= Available data =
(** * The lower bound *)

Lemma sum_xlnx_le_csize (R : realType) n (C : R) Q (PS : {set {set pixel n}}) (c : circuit n) :
  0 < C -> strip_pattern_set C Q PS -> wf_circuit c -> computes_supports c PS ->
  \sum_(T in PS) #|T|%:R * ln (#|T|%:R : R) <=
  (csize c)%:R * (Q%:R * (2 * (2 * C + 1) ^+ 2 * n%:R)).
Proof.
move=> C_gt0 PS_strip wf_c c_PS.
apply: le_trans (_ : \sum_(T in PS) (weight c T)%:R <= _).
  by apply: ler_sum => T /c_PS; apply: xlnx_le_weight.
rewrite -natr_sum sum_weight natr_sum csizeE natr_sum mulr_suml ler_sum // => g _.
rewrite -mulnA natrM ler_wpM2l //.
have [-> | A_n0] := eqVneq (supp c g) set0.
  rewrite cards0 mul0n; apply: mulr_ge0 => //.
  have : 0 <= C by apply: ltW.
  have : 0 <= n%:R :> R by [].
  nra.
apply: le_trans (_ : (#|supp c g| * (#|slopes C (supp c g)| * Q))%:R <= _).
  by rewrite ler_nat leq_mul2l card_patterns_through ?orbT.
rewrite natrM natrM mulrCA mulrA [X in _ <= X]mulrC ler_wpM2r //.
exact: card_slopes_mul_card_le.
Qed.

Section Asymptotics.
Variable R : realType.

Lemma nat_gt0_of_mul_ge1 (a : R) n : 1 <= a * n%:R -> (0 < n)%N.
Proof. by rewrite lt0n; apply: contraTneq => ->; rewrite mulr0 ler10. Qed.

Lemma mul_ge1_archi_bound (a : R) n : 0 < a -> (Num.Def.archi_bound a^-1 <= n)%N ->
  1 <= a * n%:R.
Proof.
move=> a_gt0 n_bound; have inv_le : a^-1 <= n%:R.
  by rewrite ltW // (lt_le_trans (archi_boundP _)) ?ler_nat // invr_ge0 ltW.
by rewrite -[X in X <= _](mulfV (lt0r_neq0 a_gt0)) ler_wpM2l // ltW.
Qed.

Lemma xlnx_ge_shift (t : nat) (L : R) : 1 <= L -> (t%:R - L) * ln L <= t%:R * ln t%:R.
Proof.
move=> L_ge1; have lnL_ge0 := ln_ge0 L_ge1.
have [t_le | t_gt] := leP L t%:R; last first.
  have : 0 <= t%:R * ln (t%:R : R).
    by case: t t_gt => [|t] _; rewrite ?mul0r // mulr_ge0 ?ln_ge0 ?ler1n.
  nra.
have : ln L <= ln (t%:R : R) by rewrite ler_ln ?posrE //; lra.
have : 0 <= t%:R :> R by [].
nra.
Qed.

Lemma sum_xlnx_ge n (PS : {set {set pixel n}}) (L : R) : 1 <= L ->
  ((volume PS)%:R - #|PS|%:R * L) * ln L <= \sum_(T in PS) #|T|%:R * ln (#|T|%:R : R).
Proof.
move=> L_ge1; rewrite /volume natr_sum mulr_natl -sumr_const -sumrB mulr_suml.
by apply: ler_sum => T _; apply: xlnx_ge_shift.
Qed.

(* Take L = alpha n in sum_xlnx_ge: the patterns hold at least c3 n^3 pixels, at most
   half of which fall in the #|PS| L <= c3/2 n^3 discounted ones, and alpha^2 n >= 1
   gives ln (alpha n) >= ln n / 2. *)
Lemma sum_xlnx_ge_cube (c2 c3 : R) n (PS : {set {set pixel n}}) :
  0 < c2 -> 0 < c3 -> 1 <= (c3 / (2 * c2)) ^+ 2 * n%:R ->
  #|PS|%:R <= c2 * n%:R ^+ 2 -> c3 * n%:R ^+ 3 <= (volume PS)%:R ->
  c3 / 4 * n%:R ^+ 3 * ln n%:R <= \sum_(T in PS) #|T|%:R * ln (#|T|%:R : R).
Proof.
set alpha := c3 / (2 * c2) => c2_gt0 c3_gt0 n_large card_le vol_ge.
have alpha_gt0 : 0 < alpha by rewrite divr_gt0 ?mulr_gt0.
have x_ge1 : 1 <= n%:R :> R by rewrite ler1n (nat_gt0_of_mul_ge1 n_large).
set x := (n%:R : R) in n_large card_le vol_ge x_ge1 *.
have sq_ge1 : 1 <= (alpha * x) ^+ 2.
  have : alpha ^+ 2 * x <= alpha ^+ 2 * x * x by rewrite ler_peMr // mulr_ge0 ?sqr_ge0.
  have -> : (alpha * x) ^+ 2 = alpha ^+ 2 * x * x by ring.
  lra.
have ax_ge1 : 1 <= alpha * x.
  have : 0 < alpha * x by rewrite mulr_gt0 //; lra.
  nra.
have ln_half : ln x <= 2 * ln (alpha * x).
  have pos (y : R) : 1 <= y -> y \is Num.pos by move=> ?; rewrite posrE; lra.
  have := lnM (pos _ ax_ge1) (pos _ ax_ge1); have := lnM (pos _ n_large) (pos _ x_ge1).
  have -> : alpha * x * (alpha * x) = alpha ^+ 2 * x * x by ring.
  have := ln_ge0 n_large; lra.
have lnax_ge0 := ln_ge0 ax_ge1.
apply: le_trans (sum_xlnx_ge PS ax_ge1).
have card_L : #|PS|%:R * (alpha * x) <= c3 / 2 * x ^+ 3.
  have -> : c3 / 2 * x ^+ 3 = c2 * x ^+ 2 * (alpha * x) by rewrite /alpha; field; lra.
  by rewrite ler_wpM2r //; lra.
have x3_ge0 : 0 <= x ^+ 3 by rewrite exprn_ge0 //; lra.
apply: le_trans (_ : c3 / 2 * x ^+ 3 * ln (alpha * x) <= _); last first.
  by rewrite ler_wpM2r //; lra.
have -> : c3 / 4 * x ^+ 3 * ln x = c3 / 2 * x ^+ 3 * (ln x / 2) by field.
rewrite ler_wpM2l ?mulr_ge0 //; lra.
Qed.

End Asymptotics.

Lemma csize_ge_sq_ln (R : realType) (C c2 c3 : R) (Q n : nat) (PS : {set {set pixel n}})
    (c : circuit n) :
  0 < C -> 0 < c2 -> 0 < c3 -> 1 <= (c3 / (2 * c2)) ^+ 2 * n%:R ->
  strip_pattern_set C Q PS ->
  #|PS|%:R <= c2 * n%:R ^+ 2 -> c3 * n%:R ^+ 3 <= (volume PS)%:R ->
  wf_circuit c -> computes_supports c PS ->
  c3 / (4 * (Q.+1%:R * (2 * (2 * C + 1) ^+ 2))) * n%:R ^+ 2 * ln n%:R <= (csize c)%:R.
Proof.
move=> C_gt0 c2_gt0 c3_gt0 n_large PS_strip card_le vol_ge wf_c c_PS.
set K := 2 * (2 * C + 1) ^+ 2.
have K_gt0 : 0 < K by rewrite mulr_gt0 ?exprn_gt0 //; lra.
have n_gt0 : 0 < n%:R :> R by rewrite ltr0n (nat_gt0_of_mul_ge1 n_large).
have := sum_xlnx_le_csize C_gt0 PS_strip wf_c c_PS.
have := sum_xlnx_ge_cube c2_gt0 c3_gt0 n_large card_le vol_ge.
move=> /le_trans/[apply]; rewrite -/K => lb.
have -> : c3 / (4 * (Q.+1%:R * K)) * n%:R ^+ 2 * ln n%:R =
    (c3 / 4 * n%:R ^+ 3 * ln n%:R) / (Q.+1%:R * K * n%:R).
  by field; rewrite !gt_eqF // ltr_pwDl.
rewrite ler_pdivrMr; last by rewrite mulr_gt0 // mulr_gt0.
apply: (le_trans lb).
by rewrite ler_wpM2l // mulrA ler_wpM2r ?ler_wpM2r ?ler_nat // ltW.
Qed.

Lemma le_min_nat (R : realType) (P : nat -> Prop) (B : R) :
  (exists k, P k) -> (forall k, P k -> B <= k%:R) -> B <= (min_nat P)%:R.
Proof.
move=> [k Pk] lb; rewrite /min_nat; case: pselect => [h | []]; last by exists k.
by case: ex_minnP => m /asboolP Pm _; apply: lb.
Qed.

(* min_nat is 0 when no circuit exists, hence the explicit chain circuit. *)
Lemma cost_ge (R : realType) (L : complexity) n (PS : {set {set pixel n}}) (B : R) :
  pattern_set PS ->
  (forall c, wf_circuit c -> computes_supports c PS -> 2 * B <= (csize c)%:R) ->
  B <= (cost L PS)%:R.
Proof.
move=> PS_patterns lb; have [or_ch sum_ch] := chain_circuit_computes PS_patterns.
have wf_ch := chain_circuit_wf PS_patterns; have fanin2_ch := chain_circuit_fanin2 PS_patterns.
have size_lb c : wf_circuit c -> fanin2 c -> computes_supports c PS -> B <= (size c)%:R.
  move=> wf_c /csize_le_fanin2; rewrite -(ler_nat R) natrM => csize_le /(lb c wf_c).
  lra.
case: L; apply: le_min_nat.
- by exists (csize (chain_circuit PS)), (chain_circuit PS).
- move=> k [c [wf_c /computes_or_supports/(lb c wf_c) ? <-]].
  by have := ler0n R (csize c); lra.
- by exists (csize (chain_circuit PS)), (chain_circuit PS).
- move=> k [c [wf_c /computes_sum_supports/(lb c wf_c) ? <-]].
  by have := ler0n R (csize c); lra.
- by exists (size (chain_circuit PS)), (chain_circuit PS).
- by move=> k [c [wf_c f2 /computes_or_supports ? <-]]; apply: size_lb.
- by exists (size (chain_circuit PS)), (chain_circuit PS).
- by move=> k [c [wf_c f2 /computes_sum_supports ? <-]]; apply: size_lb.
Qed.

= What you need to do =
Could you show every line of the listing that holds the string "realType"?

= Written response =
Lemma sum_xlnx_le_csize (R : realType) n (C : R) Q (PS : {set {set pixel n}}) (c : circuit n) :
Variable R : realType.
Lemma csize_ge_sq_ln (R : realType) (C c2 c3 : R) (Q n : nat) (PS : {set {set pixel n}})
Lemma le_min_nat (R : realType) (P : nat -> Prop) (B : R) :
Lemma cost_ge (R : realType) (L : complexity) n (PS : {set {set pixel n}}) (B : R) :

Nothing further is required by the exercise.